Where there is no guidance, a people falls, but in an abundance of counselors there is safety.Proverbs 11:14
Makes decisions in a timely manner, sometimes with incomplete information and under tight deadlines and pressure
Follows a logical process to make decisions
Includes the appropriate people in the decision making process
Balances desired outcomes and objectives with risks
“I am not a product of my circumstances. I am a product of my decisions.”
– Stephen Covey
Slow to decide or to declare – overly conservative and cautious
May procrastinate, seek perfect information to build confidence and avoid risk
May be a perfectionist, needing to be right; protects strongly against criticism or failure
May be disorganized and always scrambling to meet decision deadlines
May be slow to make decisions on more complex issues – lack of clear and thorough decision making process
Does not include others in the decision making process
“Most discussions of decision making assume that only senior executives make decisions or that only senior executive’s decisions matter. This is a dangerous mistake.”
– Peter Drucker
Causes of Weakness
Dislikes conflict and thus avoids decision making
Is afraid of taking risks and thus has a hard time making difficult decisions
Does not have an organized and structured approach to making decisions
Is easily intimidated by others and their strong opinions
Need to Know
Requires an unrealistic amount and quality of information before being willing to make a decision
Has difficultly focusing on all of the complexities of a problem without getting distracted by one or two variables of the decision
Has a high need to be right, be correct, not make mistakes, and not fail
Has too much work to do to take sufficient time to work through a complex decision through to completion
“One day, Alice came to a fork in the road and saw a Cheshire cat in a tree. “Which road do I take?” she asked. Its response was a question. “Where do you want to go?” “I don’t know,” Alice answered. “Then,” said the cat, “it doesn’t matter.”
– Lewis Carroll
Review the simple application steps below and choose 1 or 2 things you can do to spur yourself on to further growth.
PERFECTIONIST? Recognize perfectionism for what it might be—collecting more information than others do to improve confidence in making a fault-free decision. Life rarely gives us opportunities to eliminate all risk and provide us with ALL the necessary information we want. Try to decrease your need to be right all the time until you reach a more reasonable balance between thinking it through and taking action.

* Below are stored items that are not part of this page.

(* Let $L$ be a precompact Hausdorff co-Heyting algebra. Then the set $\mathcal I^{!\vee}(L)$ of completely join irreducible elements and the set $\mathcal I^{!\wedge}(L)$ of completely meet irreducible elements generate the same co-Heyting subalgebra of $L$ (substructure for $0,1,\vee,\wedge,-$), and this subalgebra is the smallest co-Heyting subalgebra of $L$ that is dense in $L$ for the codimetric topology.
   Context: A co-Heyting algebra is a bounded distributive lattice $(L,0,1,\vee,\wedge)$ such that $a-b=\min\{c\in L: a\le b\vee c\}$ exists for all $a,b$. Let $a\triangle b=(a-b)\vee(b-a)$; for an ideal $I$, $L/I$ is the quotient by $a\equiv_I b\iff a\triangle b\in I$. $\operatorname{Spec}L$ is the set of prime filters ordered by inclusion; height = foundation rank there; $\operatorname{codim}_La=\min\{\operatorname{height}\mathfrak p: a\in\mathfrak p\}$ ($+\infty$ if none); $dL=\{a:\operatorname{codim}_La\ge d\}$. The codimetric pseudometric is $\operatorname{dist}_L(a,b)=2^{-\operatorname{codim}_L(a\triangle b)}$ if finite, $0$ otherwise; the codimetric topology is the one it defines. $L$ is Hausdorff if every nonzero element has finite codimension; precompact if $L/dL$ is finite for every positive integer $d$. $x\ne0$ is completely join irreducible if $x\le\bigvee A$ implies $x\le a$ for some $a\in A$; $x\ne1$ is completely meet irreducible if $\bigwedge A\le x$ implies $a\le x$ for some $a\in A$. *)

From Stdlib Require Import List.
Set Implicit Arguments.

(** Co-Heyting algebra: bounded distributive lattice with a difference
    a - b = min {c | a <= b \/ c}, axiomatised by the Galois law
    a <= b \/ c  <->  a - b <= c. *)
Record coHeyting := CoHeyting {
  carrier :> Type;
  bot : carrier;
  top : carrier;
  join : carrier -> carrier -> carrier;
  meet : carrier -> carrier -> carrier;
  sub : carrier -> carrier -> carrier;
  joinC : forall a b, join a b = join b a;
  joinA : forall a b c, join a (join b c) = join (join a b) c;
  meetC : forall a b, meet a b = meet b a;
  meetA : forall a b c, meet a (meet b c) = meet (meet a b) c;
  join_meetK : forall a b, join a (meet a b) = a;
  meet_joinK : forall a b, meet a (join a b) = a;
  meet_joinDr : forall a b c, meet a (join b c) = join (meet a b) (meet a c);
  join_bot : forall a, join a bot = a;
  meet_top : forall a, meet a top = a;
  sub_spec : forall a b c, meet a (join b c) = a <-> meet (sub a b) c = sub a b
}.

Arguments bot {_}.
Arguments top {_}.
Arguments join {_} _ _.
Arguments meet {_} _ _.
Arguments sub {_} _ _.

Section Defs.
Variable L : coHeyting.

Definition le (a b : L) : Prop := meet a b = a.

Definition sdiff (a b : L) : L := join (sub a b) (sub b a).

Definition is_prime_filter (p : L -> Prop) : Prop :=
  p (@top L) /\ ~ p (@bot L) /\
  (forall a b, p a -> le a b -> p b) /\
  (forall a b, p a -> p b -> p (meet a b)) /\
  (forall a b, p (join a b) -> p a \/ p b).

Definition strict_incl (q p : L -> Prop) : Prop :=
  (forall x, q x -> p x) /\ exists x, p x /\ ~ q x.

(** height_ge p d : the foundation rank of p in Spec L is >= d
    (for finite d this is equivalent to the existence of a strict chain
    q_0 < q_1 < ... < q_d = p of prime filters; points of infinite rank,
    including those with non-well-founded down-set, satisfy it for all d). *)
Fixpoint height_ge (p : L -> Prop) (d : nat) : Prop :=
  match d with
  | O => True
  | S n => exists q, is_prime_filter q /\ strict_incl q p /\ height_ge q n
  end.

(** codim_L a >= d  (the min over an empty set being +oo) *)
Definition codim_ge (a : L) (d : nat) : Prop :=
  forall p, is_prime_filter p -> p a -> height_ge p d.

Definition codim_finite (a : L) : Prop := exists d, ~ codim_ge a d.

Definition hausdorff : Prop := forall a : L, a <> @bot L -> codim_finite a.

(** dL = {a | codim a >= d}; L/dL is finite: finitely many classes
    for a ==_I b <-> a △ b \in I *)
Definition quotient_finite (I : L -> Prop) : Prop :=
  exists xs : list L, forall a, exists x, List.In x xs /\ I (sdiff a x).

Definition precompact : Prop :=
  forall d, 0 < d -> quotient_finite (fun a => codim_ge a d).

Definition is_sup (A : L -> Prop) (s : L) : Prop :=
  (forall a, A a -> le a s) /\ (forall u, (forall a, A a -> le a u) -> le s u).
Definition is_inf (A : L -> Prop) (s : L) : Prop :=
  (forall a, A a -> le s a) /\ (forall u, (forall a, A a -> le u a) -> le u s).

Definition completely_join_irreducible (x : L) : Prop :=
  x <> @bot L /\
  forall (A : L -> Prop) s, is_sup A s -> le x s -> exists a, A a /\ le x a.

Definition completely_meet_irreducible (x : L) : Prop :=
  x <> @top L /\
  forall (A : L -> Prop) s, is_inf A s -> le s x -> exists a, A a /\ le a x.

Definition is_subalgebra (S : L -> Prop) : Prop :=
  S (@bot L) /\ S (@top L) /\
  (forall a b, S a -> S b -> S (join a b)) /\
  (forall a b, S a -> S b -> S (meet a b)) /\
  (forall a b, S a -> S b -> S (sub a b)).

Inductive generated (X : L -> Prop) : L -> Prop :=
  | gen_base : forall x, X x -> generated X x
  | gen_bot : generated X (@bot L)
  | gen_top : generated X (@top L)
  | gen_join : forall a b, generated X a -> generated X b -> generated X (join a b)
  | gen_meet : forall a b, generated X a -> generated X b -> generated X (meet a b)
  | gen_sub : forall a b, generated X a -> generated X b -> generated X (sub a b).

(** S is dense for the codimetric topology: every open ball
    {b | dist(a,b) < eps} meets S; since dist(a,b) < 2^-d iff
    codim(a △ b) >= d+1 (or is infinite), this is: *)
Definition codim_dense (S : L -> Prop) : Prop :=
  forall (a : L) (d : nat), exists s, S s /\ codim_ge (sdiff a s) d.

End Defs.

(** A prime filter [xi] of finite height [N] is principal, generated by a
    completely join irreducible [x], and its complement is principal,
    generated by a completely meet irreducible [c]: precompactness gives
    approximations of [inf xi] and [sup (L \ xi)] up to codimension [N],
    primes of height [< N] cannot tell such approximations from the truth,
    and Hausdorffness supplies enough primes of finite height.  These
    generators make the subalgebras generated by either kind of irreducible
    dense: were [a - s] in a prime of height [< d], for [s <= a] the best
    approximation of [a] from below, the generator of a smaller prime
    avoiding [s] would improve on [s].  Conversely every completely join
    (meet) irreducible element is such a generator, and such generators lie
    in every dense subalgebra, e.g. [x = s - c] for [s] close to [x]. *)

From Stdlib Require Import List Classical Lia.
From mathcomp Require classical_sets.
Set Implicit Arguments.
Unset Strict Implicit.

Arguments le {L}. Arguments sdiff {L}. Arguments codim_ge {L}. Arguments height_ge {L}.
Arguments is_prime_filter {L}. Arguments strict_incl {L}. Arguments quotient_finite {L}.
Arguments codim_dense {L}. Arguments is_subalgebra {L}. Arguments generated {L}.
Arguments completely_join_irreducible {L}. Arguments completely_meet_irreducible {L}.
Arguments joinC {_}. Arguments joinA {_}. Arguments meetC {_}. Arguments meetA {_}.
Arguments join_meetK {_}. Arguments meet_joinK {_}. Arguments meet_joinDr {_}.
Arguments join_bot {_}. Arguments meet_top {_}. Arguments sub_spec {_}.

Section CoHeytingAlgebra.
Variable L : coHeyting.
Implicit Types (a b c s u v w x y z : L) (p q xi : L -> Prop).

Lemma meet_idem a : meet a a = a.
Proof. rewrite <- (join_meetK a a) at 2. apply meet_joinK. Qed.

Lemma le_refl a : le a a.
Proof. apply meet_idem. Qed.

Lemma le_trans a b c : le a b -> le b c -> le a c.
Proof.
  unfold le; intros Hab Hbc. transitivity (meet (meet a b) c).
  - rewrite Hab; reflexivity.
  - rewrite <- meetA, Hbc; exact Hab.
Qed.

Lemma le_antisym a b : le a b -> le b a -> a = b.
Proof. unfold le; intros Hab Hba. rewrite <- Hab, meetC. exact Hba. Qed.

Lemma le_join_iff a b : le a b <-> join a b = b.
Proof.
  unfold le; split; intro H.
  - rewrite <- H, joinC, meetC. apply join_meetK.
  - rewrite <- H. apply meet_joinK.
Qed.
(* Let $\psi$ be a colouring. 1. The equation $\psi\ltimes\xi=\psi[+1]$ has a regular summable solution $\xi\in\mathcal C_0$ if and only if $\psi$, viewed as an element of $\mathcal C_1$, is regular. 2. Suppose that $\psi$ is regular, and let $d\ge0$. Then $\xi\mapsto\psi\ltimes\xi$ is a $\mathbb k[[h]]$-linear bijection from the set of regular summable sequences in $\mathcal C_d$ onto the set of regular sequences of Verma type in $\mathcal C_d$.
   Context: $\mathbb k$ is a field of characteristic zero, and $\mathbb k[[h]]$ is the ring of formal power series over $\mathbb k$. A colouring is a sequence $\psi=(\psi^k)_{k\ge1}$ of functions $\psi^k:\mathbb Z\to\mathbb k[[h]]$ satisfying: - (C1) $\psi^k(n)\equiv k(n-k+1)\bmod h$; - (C2) $\psi^{n+1}(n)=0$ for all $n\ge0$; - (C3) $\psi^{n+k+1}(n)=\psi^k(-n-2)$ for all $k\ge1$ and all $n\ge0$. Sequences. For $d\in\mathbb N$, $\mathcal C_d$ is the $\mathbb k[[h]]$-module of sequences $f=(f^k)_{k\ge d}$ of functions $f^k:\mathbb Z\to\mathbb k[[h]]$. We write $f^k(n)=\sum_{m\ge0}f^k_m(n)h^m$ with $f^k_m:\mathbb Z\to\mathbb k$. - $f$ is summable if for each $m$ one has $f^k_m\equiv0$ for all sufficiently large $k$. - $f$ is regular if each $f^k_m$ is a polynomial function of $n$, and for each $m$ the degree of $f^k_m$ is bounded independently of $k$. - $f$ is of Verma type if $f^k(n)=0$ for all $k\ge d$ and $n\ge0$ with $n+1\le k\le n+d$, and $f^{n+k+1}(n)=f^k(-n-2)$ for all $k\ge d$ and $n\ge0$. A colouring is an element of $\mathcal C_1$. Define $\psi[+1]\in\mathcal C_0$ by $(\psi[+1])^k=\psi^{k+1}$ for $k\ge0$. For $\xi\in\mathcal C_d$, define $\psi\ltimes\xi\in\mathcal C_d$ by $$(\psi\ltimes\xi)^k(n)=\sum_{a=d}^k\Big(\prod_{b=k-a+1}^k\psi^b(n)\Big)\xi^a(n-2k)\qquad(k\ge d),$$ where the empty product is $1$. *)

From HB Require Import structures.
From mathcomp Require Import all_boot all_order all_algebra.
Set Implicit Arguments. Unset Strict Implicit. Unset Printing Implicit Defensive.
Import Order.TTheory GRing.Theory Num.Theory.
Local Open Scope ring_scope.

(* Formal power series k[[h]], represented by their coefficient sequence:
   f = \sum_m f m h^m. *)
Definition ps (K : fieldType) := nat -> K.

Section PS.
Variable K : fieldType.
Definition ps0 : ps K := fun _ => 0.
Definition ps1 : ps K := fun m => if m == 0%N then 1 else 0.
Definition ps_add (f g : ps K) : ps K := fun m => f m + g m.
Definition ps_mul (f g : ps K) : ps K :=
  fun m => \sum_(i < m.+1) f i * g (m - i)%N.

(* A sequence (f^k)_{k>=d} of functions Z -> k[[h]], stored as a total
   function nat -> int -> ps K that is zero for indices k < d (canonical
   representative; C_d is identified with such functions). *)
Definition sqc := nat -> int -> ps K.

Definition inC (d : nat) (f : sqc) : Prop := forall k, (k < d)%N -> f k = fun _ => ps0.

Definition summable (f : sqc) : Prop :=
  forall m : nat, exists k0 : nat, forall k : nat, (k0 <= k)%N -> forall n : int, f k n m = 0.

Definition regular (d : nat) (f : sqc) : Prop :=
  forall m : nat, exists D : nat, forall k : nat, (d <= k)%N ->
    exists p : {poly K}, (size p <= D)%N /\ forall n : int, f k n m = p.[n%:~R].

Definition verma (d : nat) (f : sqc) : Prop :=
  (forall (k n : nat), (d <= k)%N -> (n + 1 <= k <= n + d)%N -> f k (n%:Z) = ps0) /\
  (forall (k n : nat), (d <= k)%N -> f (n + k + 1)%N (n%:Z) = f k (- (n%:Z) - 2)).

Definition colouring (psi : sqc) : Prop :=
  [/\ inC 1 psi,
      (forall (k : nat) (n : int), (1 <= k)%N ->
          psi k n 0%N = (k%:Z * (n - k%:Z + 1))%:~R),
      (forall n : nat, psi n.+1 (n%:Z) = ps0) &
      (forall (k n : nat), (1 <= k)%N -> psi (n + k + 1)%N (n%:Z) = psi k (- (n%:Z) - 2))].

Definition shift1 (psi : sqc) : sqc := fun k => psi k.+1.

Definition ltimes (d : nat) (psi xi : sqc) : sqc :=
  fun k n => if (k < d)%N then ps0 else
    \big[ps_add/ps0]_(d <= a < k.+1)
       ps_mul (\big[ps_mul/ps1]_((k - a + 1)%N <= b < k.+1) psi b n)
              (xi a (n - (2 * k)%N%:Z)).

Definition sqc_add (f g : sqc) : sqc := fun k n => ps_add (f k n) (g k n).
Definition sqc_scale (c : ps K) (f : sqc) : sqc := fun k n => ps_mul c (f k n).
End PS.

From HB Require Import structures.
From mathcomp Require Import all_boot all_order all_algebra.
From mathcomp Require Import zify ring.
From Stdlib Require Import ClassicalEpsilon FunctionalExtensionality.
Import GRing.Theory.
Local Open Scope ring_scope.
Set Implicit Arguments. Unset Strict Implicit. Unset Printing Implicit Defensive.

(* Modulo h, psi ⋉ - acts on K-valued sequences by a triangular operator whose
   diagonal entry at level k is, by (C1), psi^1_0(n) ... psi^k_0(n) =
   k! n (n-1) ... (n-k+1), nonzero for n >= k in characteristic 0; hence it is
   injective on polynomial sequences.  It is also onto the polynomial sequences
   of Verma type: the Verma zeros n = 0, ..., d-1 of f^d make f^d divisible by
   the diagonal entry, which lets us solve for xi^d and pass to a Verma sequence
   in C_{d+1}; once d exceeds the degree bound, the d Verma zeros of each f^k
   force the remainder to vanish.  As psi ⋉ - is also triangular for the h-adic
   filtration, both properties lift coefficient by coefficient in h.
   Conversely, a solution of psi ⋉ xi = psi[+1] is forced modulo h, and the
   h^M-coefficient of the equation expresses psi^{k+1}_M as psi^k_M plus terms
   in psi_0, ..., psi_{M-1} and xi, which bounds the degree of psi_M uniformly
   in k by induction on M. *)

Section PowerSeries.
Variable K : fieldType.
Implicit Types f g h : ps K.

Lemma ps_ext f g : (forall m, f m = g m) -> f = g.
Proof. exact: functional_extensionality. Qed.

Definition ps_trunc (m : nat) f : {poly K} := \poly_(i < m.+1) f i.

Lemma coef_ps_mul m i f g : (i <= m)%N ->
  ps_mul f g i = (ps_trunc m f * ps_trunc m g)`_i.
Proof.
move=> im; rewrite coefM /ps_mul; apply: eq_bigr => j _.
have jm : (j < m.+1)%N by apply: leq_trans (ltn_ord j) _; rewrite ltnS.
by rewrite !coef_poly jm ltnS (leq_trans (leq_subr _ _) im).
Qed.

Lemma coefM_eq_low (p p' q q' : {poly K}) i :
  (forall j, (j <= i)%N -> p`_j = p'`_j /\ q`_j = q'`_j) ->
  (p * q)`_i = (p' * q')`_i.
Proof.
move=> E; rewrite !coefM; apply: eq_bigr => j _.
have [-> _] := E j (ltn_ord j); have [_ ->] // := E (i - j)%N (leq_subr _ _).
Qed.

Lemma ps_addA : associative (@ps_add K).
Proof. by move=> f g h; apply: ps_ext => m; rewrite /ps_add addrA. Qed.

Lemma ps_addC : commutative (@ps_add K).
Proof. by move=> f g; apply: ps_ext => m; rewrite /ps_add addrC. Qed.

Lemma ps_add0l : left_id (ps0 K) (@ps_add K).
Proof. by move=> f; apply: ps_ext => m; rewrite /ps_add add0r. Qed.

Lemma ps_mulC : commutative (@ps_mul K).
Proof. by move=> f g; apply: ps_ext => m; rewrite !(coef_ps_mul _ _ (leqnn m)) mulrC. Qed.

Lemma ps_mulA : associative (@ps_mul K).
Proof.
move=> f g h; apply: ps_ext => m; rewrite !(coef_ps_mul _ _ (leqnn m)).
rewrite (@coefM_eq_low _ (ps_trunc m f) _ (ps_trunc m g * ps_trunc m h)); last first.
  by move=> j jm; split=> //; rewrite coef_poly ltnS jm; apply: coef_ps_mul.
rewrite [RHS](@coefM_eq_low _ (ps_trunc m f * ps_trunc m g) _ (ps_trunc m h)).
  by rewrite mulrA.
by move=> j jm; split=> //; rewrite coef_poly ltnS jm; apply: coef_ps_mul.
Qed.

Lemma ps_mul1l : left_id (ps1 K) (@ps_mul K).
Proof.
move=> f; apply: ps_ext => m; rewrite /ps_mul big_ord_recl /= mul1r subn0.
by rewrite big1 ?addr0 // => i _; rewrite /ps1 /= mul0r.
Qed.

Lemma ps_mul0l : left_zero (ps0 K) (@ps_mul K).
Proof. by move=> f; apply: ps_ext => m; rewrite /ps_mul big1 // => i _; rewrite mul0r. Qed.

Lemma ps_mul0r : right_zero (ps0 K) (@ps_mul K).
Proof. by move=> f; rewrite ps_mulC ps_mul0l. Qed.

Lemma ps_mulDr : right_distributive (@ps_mul K) (@ps_add K).
Proof.
move=> f g h; apply: ps_ext => m; rewrite /ps_mul /ps_add -big_split /=.
by apply: eq_bigr => i _; rewrite mulrDr.
Qed.

Lemma ps_mulDl : left_distributive (@ps_mul K) (@ps_add K).
Proof. by move=> f g h; rewrite ps_mulC ps_mulDr !(ps_mulC h). Qed.

HB.instance Definition _ :=
  Monoid.isComLaw.Build (ps K) (ps0 K) (@ps_add K) ps_addA ps_addC ps_add0l.
HB.instance Definition _ :=
  Monoid.isComLaw.Build (ps K) (ps1 K) (@ps_mul K) ps_mulA ps_mulC ps_mul1l.
HB.instance Definition _ :=
  Monoid.isMulLaw.Build (ps K) (ps0 K) (@ps_mul K) ps_mul0l ps_mul0r.
HB.instance Definition _ :=
  Monoid.isAddLaw.Build (ps K) (@ps_mul K) (@ps_add K) ps_mulDl ps_mulDr.

Lemma ps_mul_coef0 f g : ps_mul f g 0%N = f 0%N * g 0%N.
Proof. by rewrite /ps_mul big_ord1. Qed.

Lemma coef_big_ps_add (I : Type) (r : seq I) (P : pred I) (F : I -> ps K) j :
  (\big[@ps_add K/ps0 K]_(i <- r | P i) F i) j = \sum_(i <- r | P i) F i j.
Proof. exact: (big_morph (fun f : ps K => f j)). Qed.

Lemma coef0_big_ps_mul (I : Type) (r : seq I) (F : I -> ps K) :
  (\big[@ps_mul K/ps1 K]_(i <- r) F i) 0%N = \prod_(i <- r) F i 0%N.
Proof. exact: (big_morph (fun f : ps K => f 0%N) ps_mul_coef0). Qed.

End PowerSeries.

Lemma big_iota_shift (R : Type) (idx : R) (op : R -> R -> R) (F G : nat -> R) s t n :
  (forall i, (i < n)%N -> F (s + i)%N = G (t + i)%N) ->
  \big[op/idx]_(b <- iota s n) F b = \big[op/idx]_(b <- iota t n) G b.
Proof.
elim: n s t => [|n IH] s t E; first by rewrite !big_nil.
rewrite /= !big_cons; have := E 0%N isT; rewrite !addn0 => ->.
by congr (op _ _); apply: IH => i lt_in; rewrite !addSnnS; apply: E.
Qed.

PROCRASTINATOR? Start earlier. Always do 10% of thinking about the decision immediately after it is assigned so you can better gauge what it is going to take to finish the rest. Divide decisions into thirds or fourths and schedule time to work on them spaced over the delivery period. Always leave more time than you think it’s going to take. Set up checkpoints for yourself along the way. Schedule early data collection and analysis. Don’t wait until the last moment. Set an internal deadline considerably before the real deadline.
SCARED? Sometimes we have to involve people in the decision making process who we are afraid of – or afraid of their different or strong opinions. Mentally rehearse for worst-case scenarios and hard to deal with people. Anticipate what the person might say and have responses prepared so as not to be caught off guard. Focus on two or three key points in conflict situations and stick to those clearly and politely. Try not to bring up everything you can think of, but instead focus on what’s most important.
OVERWHELMED? Think of a big decision as a series of smaller ones. Sometimes sufficient information does not exist to help us in making a good decision. Try making a series of smaller decisions, get instant feedback, correct the course, get a little more data, move forward a little more, until the bigger decision gets made. They don’t try to get it right the first time. They try their best educated guess now, and then correct as more information or feedback comes in.
Need a Process?
NEED A PROCESS? Start with prayer, and continue with prayer throughout any decision making process you use. Give God the opportunity to guide you or show you the way. Who are the other key people that need to be involved with this decision? Who has critical information that you will need in order to make a good decision? Together with the key decision makers in the room, define your decision by writing a decision statement. Try NOT to write the statement in a ‘yes/no’, ‘either/or’, or multiple choice form. That severely limits the options you allow yourself to consider. Make a list of all the goals and objectives of your decision. What is everything you are hoping for or hoping to achieve? What are your limitations (i.e. money, time, staff, technology, resources)? Once you have listed all of that, then brainstorm possible alternatives (choices) to consider. Use your list of objectives to help you design some creative alternatives, as well. This might include combining some of the initial alternatives you had thought of. Next, evaluate each alternative (possible choice) to see how well each alternative fulfills the objectives of the decision. For each of the 2 alternatives that seem to be the best fit, consider the risks associated with each of those alternatives. As you compare those top 2 alternatives while considering their risks, which alternative are you most comfortable choosing? Do you feel you need to also look at the risks of the 3rd best alternative? Make a prayerful choice and decide how you will minimize and remain aware of the risks going forward.